BEGIN

(* (Extended Perron's method.) Let $\Omega\subset\mathbb{R}^N$ be an open domain, let $g:\mathbb{R}^N\setminus\Omega\to\mathbb{R}$ be bounded, and let $\mathcal{A}:\mathbb{R}^N\times\mathcal{X}\times\mathbb{R}\to\mathbb{R}$ satisfy assumptions (a), (b), (c) below. Consider the DPP $\mathcal{A}(x,u,u(x))=0$ for $x\in\Omega$, $u=g$ on $\mathbb{R}^N\setminus\Omega$. Assume (H1) there exists at least one viscosity subsolution and (H2) all viscosity subsolutions are uniformly bounded from above. Let $\underline{S}$ be the set of all viscosity subsolutions. Then the function $$\overline{u}(x)=\sup_{v\in\underline{S}}v(x)\ \ (x\in\Omega),\qquad \overline{u}(x)=g(x)\ \ (x\in\mathbb{R}^N\setminus\Omega)$$ is a viscosity solution of the DPP. Respectively, if (H1* ) there exists at least one viscosity supersolution and (H2* ) all viscosity supersolutions are uniformly bounded from below, and $\overline{S}$ is the set of all viscosity supersolutions, then $\underline{u}(x)=\inf_{v\in\overline{S}}v(x)$ for $x\in\Omega$, $\underline{u}=g$ on $\mathbb{R}^N\setminus\Omega$, is a viscosity solution of the DPP.
   Context: $\overline{\mathcal{X}}$ is the set of bounded functions $\mathbb{R}^N\to\mathbb{R}$, $\mathcal{X}\subset\overline{\mathcal{X}}$ a fixed subset. Assumptions: (a) $\varphi_1\le\varphi_2$ implies $\mathcal{A}(x,\varphi_2,s)\le\mathcal{A}(x,\varphi_1,s)$; (b) $s_1\le s_2$ implies $\mathcal{A}(x,\varphi,s_1)\le\mathcal{A}(x,\varphi,s_2)$; (c) for every $(x,\varphi)$ the map $s\mapsto\mathcal{A}(x,\varphi,s)$ has exactly one zero. $u\in\overline{\mathcal{X}}$ is a viscosity supersolution of the DPP if $u\ge g$ on $\mathbb{R}^N\setminus\Omega$ and, for each $x\in\Omega$, $\mathcal{A}(x,\varphi,u(x))\ge0$ for all $\varphi\in\mathcal{X}$ with $\varphi\le u$; a viscosity subsolution if $u\le g$ on $\mathbb{R}^N\setminus\Omega$ and, for each $x\in\Omega$, $\mathcal{A}(x,\varphi,u(x))\le0$ for all $\varphi\in\mathcal{X}$ with $\varphi\ge u$; a viscosity solution is a $u\in\overline{\mathcal{X}}$ that is both. *)

From HB Require Import structures.
From mathcomp Require Import all_boot all_order all_algebra.
From mathcomp Require Import all_classical all_reals all_analysis.
Set Implicit Arguments. Unset Strict Implicit. Unset Printing Implicit Defensive.
Import Order.TTheory GRing.Theory Num.Theory.
Import numFieldNormedType.Exports.
Local Open Scope classical_set_scope.
Local Open Scope ring_scope.

Section DPP.
Variables (R : realType) (N : nat).
Notation pt := 'rV[R]_N.

Definition bounded_fn (f : pt -> R) : Prop := exists M : R, forall x, `|f x| <= M.

Variables (Omega : set pt) (g : pt -> R) (X : set (pt -> R))
  (A : pt -> (pt -> R) -> R -> R).

Definition assum_a : Prop := forall x phi1 phi2, X phi1 -> X phi2 ->
  (forall y, phi1 y <= phi2 y) -> forall s, A x phi2 s <= A x phi1 s.
Definition assum_b : Prop := forall x phi, X phi -> forall s1 s2,
  s1 <= s2 -> A x phi s1 <= A x phi s2.
Definition assum_c : Prop := forall x phi, X phi ->
  exists s, A x phi s = 0 /\ forall t, A x phi t = 0 -> t = s.

Definition visc_super (u : pt -> R) : Prop :=
  bounded_fn u /\
  (forall x, ~ Omega x -> g x <= u x) /\
  (forall x, Omega x -> forall phi, X phi -> (forall y, phi y <= u y) ->
     0 <= A x phi (u x)).

Definition visc_sub (u : pt -> R) : Prop :=
  bounded_fn u /\
  (forall x, ~ Omega x -> u x <= g x) /\
  (forall x, Omega x -> forall phi, X phi -> (forall y, u y <= phi y) ->
     A x phi (u x) <= 0).

Definition visc_sol (u : pt -> R) : Prop := visc_super u /\ visc_sub u.

Definition perron_sup : pt -> R := fun x =>
  if `[< Omega x >] then sup [set v x | v in visc_sub] else g x.
Definition perron_inf : pt -> R := fun x =>
  if `[< Omega x >] then inf [set v x | v in visc_super] else g x.

End DPP.

(* The sup U of all subsolutions is a subsolution: by (b) and (c),
   A x phi s <= 0 holds exactly when s lies below the unique zero of
   A x phi, a condition preserved under suprema.  It is also a
   supersolution: if A x phi (U x) < 0 for some phi <= U, then U x lies
   strictly below the zero s0 of A x phi, and by (a) raising U to s0 at the
   single point x gives a subsolution exceeding U, contradicting maximality.
   The statement for infima follows by the symmetry u |-> -u, which swaps
   sub- and supersolutions of the problem and of its reflection. *)
From HB Require Import structures.
From mathcomp Require Import all_boot all_order all_algebra.
From mathcomp Require Import all_classical all_reals all_analysis.
From mathcomp Require Import lra.
Import Order.TTheory GRing.Theory Num.Theory.
Import numFieldNormedType.Exports.
Local Open Scope classical_set_scope.
Local Open Scope ring_scope.

Section BoundedFn.
Context {R : realType} {N : nat}.
Notation pt := 'rV[R]_N.

Lemma bounded_fn_patch (D : set pt) (f : pt -> R) :
  (exists M, forall y, D y -> `|f y| <= M) ->
  (exists M, forall y, ~ D y -> `|f y| <= M) -> bounded_fn f.
Proof.
move=> [M1 fM1] [M2 fM2]; exists (Num.max M1 M2) => y.
by have [/fM1|/fM2] := pselect (D y); rewrite le_max => ->; rewrite ?orbT.
Qed.

Lemma bounded_fn_update (u : pt -> R) (x : pt) (s : R) :
  bounded_fn u -> bounded_fn (fun y => if y == x then s else u y).
Proof.
move=> [B uB]; exists (Num.max `|s| B) => y.
by case: eqP => _; rewrite le_max ?lexx ?uB ?orbT.
Qed.

End BoundedFn.

Section UniqueZero.
Context {R : realType} {N : nat} {X : set ('rV[R]_N -> R)}
  {A : 'rV[R]_N -> ('rV[R]_N -> R) -> R -> R}.
Hypotheses (hb : assum_b X A) (hc : assum_c X A).
Context {x : 'rV[R]_N} {phi : 'rV[R]_N -> R} {s0 : R}.
Hypotheses (Xphi : X phi) (A_s0 : A x phi s0 = 0).

Lemma zero_unique {s} : A x phi s = 0 -> s = s0.
Proof. by have [z [_ zU]] := hc x phi Xphi; move=> /zU ->; rewrite (zU _ A_s0). Qed.

Lemma A_le0E s : (A x phi s <= 0) = (s <= s0).
Proof.
apply/idP/idP => [As_le0|le_s_s0]; last by rewrite -A_s0; exact: hb.
rewrite leNgt; apply/negP => lt_s0_s.
have As_ge0 : 0 <= A x phi s by rewrite -A_s0; exact: hb (ltW lt_s0_s).
have As0 : A x phi s = 0 by apply/eqP; rewrite eq_le As_le0 As_ge0.
by rewrite (zero_unique As0) ltxx in lt_s0_s.
Qed.

Lemma A_ge0E s : (0 <= A x phi s) = (s0 <= s).
Proof.
apply/idP/idP => [As_ge0|le_s0_s]; last by rewrite -A_s0; exact: hb.
rewrite leNgt; apply/negP => lt_s_s0.
have As_le0 : A x phi s <= 0 by rewrite -A_s0; exact: hb (ltW lt_s_s0).
have As0 : A x phi s = 0 by apply/eqP; rewrite eq_le As_le0 As_ge0.
by rewrite (zero_unique As0) ltxx in lt_s_s0.
Qed.

End UniqueZero.

Section PerronSup.
Variables (R : realType) (N : nat) (Omega : set 'rV[R]_N)
  (g : 'rV[R]_N -> R) (X : set ('rV[R]_N -> R))
  (A : 'rV[R]_N -> ('rV[R]_N -> R) -> R -> R).
Hypotheses (ha : assum_a X A) (hb : assum_b X A) (hc : assum_c X A).
Hypothesis g_bounded : exists M : R, forall x, ~ Omega x -> `|g x| <= M.
Hypothesis sub_exists : exists v, visc_sub Omega g X A v.
Hypothesis sub_ubounded :
  exists M : R, forall v, visc_sub Omega g X A v -> forall x, v x <= M.

Let sub := visc_sub Omega g X A.
Let U := perron_sup Omega g X A.

Lemma perron_sup_in x : Omega x -> U x = sup [set v x | v in sub].
Proof. by move=> Ox; rewrite /U /perron_sup asboolT. Qed.

Lemma perron_sup_out x : ~ Omega x -> U x = g x.
Proof. by move=> Ox; rewrite /U /perron_sup asboolF. Qed.

Lemma sub_values_neq0 x : [set v x | v in sub] !=set0.
Proof. by have [v subv] := sub_exists; exists (v x), v. Qed.

Lemma sub_values_ubounded x : has_ubound [set v x | v in sub].
Proof. by have [M subM] := sub_ubounded; exists M => _ [v subv <-]; exact: subM. Qed.

Lemma sub_le_perron_sup {v} : sub v -> forall y, v y <= U y.
Proof.
move=> subv y; have [Oy|Oy] := pselect (Omega y).
  by rewrite perron_sup_in //; apply: ub_le_sup; [exact: sub_values_ubounded|exists v].
by rewrite perron_sup_out //; exact: subv.2.1.
Qed.

Lemma perron_sup_le_ub : exists M, forall y, Omega y -> U y <= M.
Proof.
have [M subM] := sub_ubounded; exists M => y Oy; rewrite perron_sup_in //.
by apply: ge_sup; [exact: sub_values_neq0|move=> _ [v subv <-]; exact: subM].
Qed.

Lemma perron_sup_bounded : bounded_fn U.
Proof.
apply: (bounded_fn_patch Omega).
  have [v0 subv0] := sub_exists; have [[M0 v0M0] _] := subv0.
  have [M UM] := perron_sup_le_ub; exists (M0 + `|M|) => y Oy.
  have v0_le_U := sub_le_perron_sup subv0 y; have U_le_M := UM y Oy.
  have M_le_normM := ler_norm M; have normM_ge0 := normr_ge0 M.
  have M0_ge0 := le_trans (normr_ge0 _) (v0M0 y); have /ler_normlP[v0_lb _] := v0M0 y.
  by rewrite ler_norml; apply/andP; split; lra.
have [Mg gMg] := g_bounded.
by exists Mg => y Oy; rewrite perron_sup_out //; exact: gMg.
Qed.

Lemma perron_sup_sub : sub U.
Proof.
split; first exact: perron_sup_bounded.
split; first by move=> x Ox; rewrite perron_sup_out.
move=> x Ox phi Xphi U_le_phi; have [s0 [A_s0 _]] := hc x phi Xphi.
rewrite (A_le0E hb hc Xphi A_s0) perron_sup_in //.
apply: ge_sup => [|_ [v subv <-]]; first exact: sub_values_neq0.
rewrite -(A_le0E hb hc Xphi A_s0); apply: subv.2.2 => // y.
exact: le_trans (sub_le_perron_sup subv y) (U_le_phi y).
Qed.

Lemma perron_sup_super : visc_super Omega g X A U.
Proof.
split; first exact: perron_sup_bounded.
split; first by move=> x Ox; rewrite perron_sup_out.
move=> x Ox phi Xphi phi_le_U; have [s0 [A_s0 _]] := hc x phi Xphi.
rewrite (A_ge0E hb hc Xphi A_s0) leNgt; apply/negP => Ux_lt_s0.
pose w y := if y == x then s0 else U y.
have U_le_w y : U y <= w y by rewrite /w; case: eqP => [->|_]; [exact: ltW|].
suff /sub_le_perron_sup/(_ x) : sub w by rewrite /w eqxx leNgt Ux_lt_s0.
split; first exact/bounded_fn_update/perron_sup_bounded.
split=> [y Oy|y Oy psi Xpsi w_le_psi]; rewrite /w; case: eqP => [y_x|_].
- by rewrite y_x in Oy.
- by rewrite perron_sup_out.
- (* by (a), psi >= w >= U >= phi gives A x psi s0 <= A x phi s0 = 0 *)
  rewrite y_x -A_s0; apply: ha => // z.
  exact: le_trans (phi_le_U z) (le_trans (U_le_w z) (w_le_psi z)).
- by apply: perron_sup_sub.2.2 => // z; exact: le_trans (U_le_w z) (w_le_psi z).
Qed.

Lemma perron_sup_sol : visc_sol Omega g X A U.
Proof. by split; [exact: perron_sup_super|exact: perron_sup_sub]. Qed.

End PerronSup.

Section Reflection.
Context {R : realType} {N : nat}.
Notation pt := 'rV[R]_N.

Definition dual_X (X : set (pt -> R)) : set (pt -> R) := [set phi | X (- phi)].

Definition dual_A (A : pt -> (pt -> R) -> R -> R) : pt -> (pt -> R) -> R -> R :=
  fun x phi s => - A x (- phi) (- s).

Lemma dual_XK X : dual_X (dual_X X) = X.
Proof. by apply/funext => phi; rewrite /dual_X /= opprK. Qed.

Lemma dual_AK A : dual_A (dual_A A) = A.
Proof.
by apply/funext => x; apply/funext => phi; apply/funext => s; rewrite /dual_A !opprK.
Qed.

Variables (X : set (pt -> R)) (A : pt -> (pt -> R) -> R -> R).

Lemma assum_a_dual : assum_a X A -> assum_a (dual_X X) (dual_A A).
Proof.
move=> ha x phi1 phi2 X1 X2 le12 s; rewrite /dual_A lerN2.
by apply: ha => // y; rewrite !fctE lerN2.
Qed.

Lemma assum_b_dual : assum_b X A -> assum_b (dual_X X) (dual_A A).
Proof.
by move=> hb x phi Xphi s1 s2 le12; rewrite /dual_A lerN2; apply: hb; rewrite // lerN2.
Qed.

Lemma assum_c_dual : assum_c X A -> assum_c (dual_X X) (dual_A A).
Proof.
move=> hc x phi Xphi; have [s [A_s zero_s]] := hc x _ Xphi.
exists (- s); split=> [|t]; first by rewrite /dual_A opprK A_s oppr0.
by rewrite /dual_A => /eqP; rewrite oppr_eq0 => /eqP/zero_s <-; rewrite opprK.
Qed.

Lemma bounded_fnN (u : pt -> R) : bounded_fn u -> bounded_fn (- u).
Proof. by move=> [M uM]; exists M => y; rewrite fctE normrN. Qed.

Variables (Omega : set pt) (g : pt -> R).

Lemma visc_super_dual u :
  visc_super Omega g X A u <-> visc_sub Omega (- g) (dual_X X) (dual_A A) (- u).
Proof.
split=> [[u_bdd [u_ge_g u_super]]|[Nu_bdd [Nu_le_Ng Nu_sub]]].
- split; first exact: bounded_fnN.
  split=> [x Ox|x Ox phi Xphi u_le_phi]; first by rewrite !fctE lerN2 u_ge_g.
  rewrite /dual_A fctE opprK oppr_le0; apply: u_super => // y.
  by rewrite lerNl; exact: u_le_phi.
- split; first by rewrite -(opprK u); exact: bounded_fnN.
  split=> [x Ox|x Ox phi Xphi phi_le_u]; first by rewrite -lerN2; exact: Nu_le_Ng.
  have := Nu_sub x Ox (- phi).
  rewrite /dual_A /dual_X /= opprK -[(- u) x]/(- u x) opprK oppr_le0.
  by apply=> // y; rewrite lerN2.
Qed.

End Reflection.

Section ReflectionSymmetry.
Variables (R : realType) (N : nat) (Omega : set 'rV[R]_N)
  (g : 'rV[R]_N -> R) (X : set ('rV[R]_N -> R))
  (A : 'rV[R]_N -> ('rV[R]_N -> R) -> R -> R).

Lemma visc_sub_dual u :
  visc_sub Omega g X A u <-> visc_super Omega (- g) (dual_X X) (dual_A A) (- u).
Proof.
have dual_dual := visc_super_dual (dual_X X) (dual_A A) Omega (- g) (- u).
by rewrite dual_XK dual_AK !opprK in dual_dual; exact: iff_sym.
Qed.

Lemma visc_sol_dual u :
  visc_sol Omega g X A u <-> visc_sol Omega (- g) (dual_X X) (dual_A A) (- u).
Proof.
split=> -[super sub]; split.
- exact/visc_sub_dual.
- exact/visc_super_dual.
- exact/visc_super_dual.
- exact/visc_sub_dual.
Qed.

Lemma perron_inf_dual :
  perron_inf Omega g X A = - perron_sup Omega (- g) (dual_X X) (dual_A A).
Proof.
apply/funext => x; rewrite fctE /perron_inf /perron_sup.
case: (asboolP (Omega x)) => Ox; last by rewrite fctE opprK.
rewrite /inf; congr (- sup _); apply/seteqP; split.
- by move=> _ [_ [v superv <-] <-]; exists (- v) => //; exact/visc_super_dual.
- move=> _ [v subv <-]; exists (- v x); last by rewrite opprK.
  by exists (- v) => //; apply/visc_super_dual; rewrite opprK.
Qed.

End ReflectionSymmetry.

Section PerronInf.
Variables (R : realType) (N : nat) (Omega : set 'rV[R]_N)
  (g : 'rV[R]_N -> R) (X : set ('rV[R]_N -> R))
  (A : 'rV[R]_N -> ('rV[R]_N -> R) -> R -> R).
Hypotheses (ha : assum_a X A) (hb : assum_b X A) (hc : assum_c X A).
Hypothesis g_bounded : exists M : R, forall x, ~ Omega x -> `|g x| <= M.
Hypothesis super_exists : exists v, visc_super Omega g X A v.
Hypothesis super_lbounded :
  exists M : R, forall v, visc_super Omega g X A v -> forall x, M <= v x.

Lemma perron_inf_sol : visc_sol Omega g X A (perron_inf Omega g X A).
Proof.
rewrite perron_inf_dual; apply/visc_sol_dual; rewrite opprK.
apply: perron_sup_sol.
- exact: assum_a_dual.
- exact: assum_b_dual.
- exact: assum_c_dual.
- by have [M gM] := g_bounded; exists M => x Ox; rewrite fctE normrN; exact: gM.
- by have [v superv] := super_exists; exists (- v); exact/visc_super_dual.
- have [M superM] := super_lbounded; exists (- M) => w subw x.
  have superNw : visc_super Omega g X A (- w) by apply/visc_super_dual; rewrite opprK.
  by rewrite lerNr; exact: superM superNw x.
Qed.

End PerronInf.

Theorem mainTheorem6 (R : realType) (N : nat) (Omega : set 'rV[R]_N)
  (g : 'rV[R]_N -> R) (X : set ('rV[R]_N -> R))
  (A : 'rV[R]_N -> ('rV[R]_N -> R) -> R -> R) :
  open Omega -> connected Omega ->
  (exists M : R, forall x, ~ Omega x -> `|g x| <= M) ->
  (forall phi, X phi -> bounded_fn phi) ->
  assum_a X A -> assum_b X A -> assum_c X A ->
  ((exists v, visc_sub Omega g X A v) ->
   (exists M : R, forall v, visc_sub Omega g X A v -> forall x, v x <= M) ->
   visc_sol Omega g X A (perron_sup Omega g X A)) /\
  ((exists v, visc_super Omega g X A v) ->
   (exists M : R, forall v, visc_super Omega g X A v -> forall x, M <= v x) ->
   visc_sol Omega g X A (perron_inf Omega g X A)).
Proof.
move=> _ _ g_bounded _ ha hb hc; split.
- by move=> sub_exists sub_ubounded; exact: perron_sup_sol.
- by move=> super_exists super_lbounded; exact: perron_inf_sol.
Qed.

END

**WHAT NEEDS TO BE DONE**
Which lines above hold the string "funext"? Please copy all of them.

**ANSWER TO THIS TASK**
Proof. by apply/funext => phi; rewrite /dual_X /= opprK. Qed.
by apply/funext => x; apply/funext => phi; apply/funext => s; rewrite /dual_A !opprK.
apply/funext => x; rewrite fctE /perron_inf /perron_sup.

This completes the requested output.